7 – O Banco Central sabia, quando autorizou a aquisição do Máxima em outubro de 2019, das operações com o Brazil Realty e de movimentações que posteriormente foram consideradas fraudulentas pela CVM? Diante da informação hoje disponível de que recursos recebidos por empresas de Vorcaro naquele intervalo teriam servido para comprovar sua capacidade financeira, o senhor considera que a documentação apresentada ao BC era suficiente e autêntica?

8 – O senhor encarregou Paulo Sérgio Neves de Souza de examinar carteiras e operações ligadas ao Banco Master em 2022 e 2023. Como recebeu a conclusão de que não havia motivo para preocupação e que mecanismos independentes foram usados para conferir esse diagnóstico, considerando que hoje Paulo Sérgio é investigado sob suspeita de atuar em benefício de Daniel Vorcaro e de fornecer informações internas ao banqueiro?

9 – Na Resolução BCB 346, de outubro de 2023, por que foi escolhido 30 de junho de 2023 como marco para o tratamento prudencial mais rigoroso dos precatórios? O Banco Central calculou previamente o impacto da regra especificamente sobre o Master? Quanto capital adicional o banco teria de aportar se todo seu estoque de precatórios estivesse sujeito aos novos fatores de ponderação de risco?

10 – Paulo Sérgio afirmou a Daniel Vorcaro que o mercado relacionava a chamada “emenda Master”, que elevaria a garantia do FGC para R$ 1 milhão, também ao seu nome.
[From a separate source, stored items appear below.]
(* The coefficients, reduced
   modulo P, combine into a polynomial of size < size P vanishing at x^p. *)
Lemma pfree_adjoin r (g : 'I_r -> M) (c : 'I_r -> {poly M}) :
  pfree p g -> pcomb p (fun l => (map_poly j (c l)).[x]) (fun l => j (g l)) = 0 ->
  forall l, (map_poly j (c l)).[x] = 0.
Proof.
move=> gfree cg0.
have [P Pmin sepP] := separable_min_annihilator; have [P0 Px _] := Pmin.
pose c' l := c l %% P.
have c'E l : (map_poly j (c l)).[x] = (map_poly j (c' l)).[x] := horner_modp _ Px.
pose H := \sum_l map_poly (pFrobenius_aut pM) (c' l) * (g l)%:P.
have coefH k : H`_k = pcomb p (fun l => (c' l)`_k) g.
  by rewrite coef_sum; apply: eq_bigr => l _; rewrite coefMC coef_map.
have Hxp : annihilates j (x ^+ p) H.
  rewrite /annihilates /root rmorph_sum horner_sum; apply/eqP; rewrite -[RHS]cg0.
  apply: eq_bigr => l _; rewrite c'E frobenius_horner rmorphM /= hornerM.
  by rewrite map_polyC hornerC.
have sizeH : (size H < size P)%N.
  have P_gt0 : (0 < size P)%N by rewrite size_poly_gt0.
  rewrite -(prednK P_gt0) ltnS; apply/leq_sizeP => k le_k.
  rewrite coefH /pcomb big1 // => l _.
  rewrite nth_default ?(expr0p pM) ?mul0r //; apply: leq_trans le_k.
  by rewrite -ltnS (prednK P_gt0) ltn_modpN0.
have H0 : H = 0.
  apply/eqP; apply: contraTT sizeH => H0; rewrite -leqNgt.
  exact: frobenius_annihilator_size.
move=> l; rewrite c'E (_ : c' l = 0) ?rmorph0 ?horner0 //.
apply/polyP => k; rewrite coef0; apply: (gfree (fun l => (c' l)`_k)).
by rewrite -coefH H0 coef0.
Qed.

(* A separable element is a polynomial in its p-th power: x \in M(x^p).
   Evaluation at x^p of polynomials of size < size P is injective, hence
   onto the (size P).-1-dimensional space M[x]. *)
Lemma separable_frobenius_poly : exists G : {poly M}, x = (map_poly j G).[x ^+ p].
Proof.
have [P Pmin sepP] := separable_min_annihilator; have [P0 Px _] := Pmin.
pose r := (size P).-1.
have size_modP (G : {poly M}) : (size (G %% P)%R <= r)%N.
  by rewrite -ltnS /r prednK ?size_poly_gt0 // ltn_modpN0.
pose C : 'M[M]_r := \matrix_(l < r) poly_rV ('X^(p * l) %% P).
have evalC v : (map_poly j (rVpoly (v *m C))).[x] = (map_poly j (rVpoly v)).[x ^+ p].
  have -> : rVpoly (v *m C) = \sum_(l < r) v 0 l *: ('X^(p * l) %% P).
    rewrite mulmx_sum_row linear_sum; apply: eq_bigr => l _.
    by rewrite linearZ /= rowK poly_rV_K.
  rewrite rVpoly_sum !rmorph_sum !horner_sum; apply: eq_bigr => l _ /=.
  rewrite !map_polyZ !hornerZ -(horner_modp _ Px) !map_polyXn !hornerXn.
  by rewrite exprM.
have Cu : C \in unitmx.
  rewrite -row_free_unit; apply: inj_row_free => v vC0.
  have vx : annihilates j (x ^+ p) (rVpoly v).
    by rewrite /annihilates /root -evalC vC0 linear0 rmorph0 horner0.
  have [v0 | v0] := eqVneq (rVpoly v) 0.
    by move/(congr1 (@poly_rV _ r)): v0; rewrite rVpolyK linear0.
  have := frobenius_annihilator_size Pmin sepP v0 vx.
  by rewrite leqNgt (leq_ltn_trans (size_poly _ _)) // /r prednK // size_poly_gt0.
exists (rVpoly (poly_rV ('X %% P) *m invmx C)).
by rewrite -evalC mulmxKV // poly_rV_K // -(horner_modp _ Px) map_polyX hornerX.
Qed.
O senhor conversou com Daniel Vorcaro, Ciro Nogueira, Paulo Sérgio ou qualquer representante do Master sobre a ampliação da cobertura do FGC? Quando tomou conhecimento da proposta, quais ordens deu para combatê-la e pode apresentar os documentos produzidos pela força-tarefa que sua assessoria afirma ter sido determinada pelo senhor?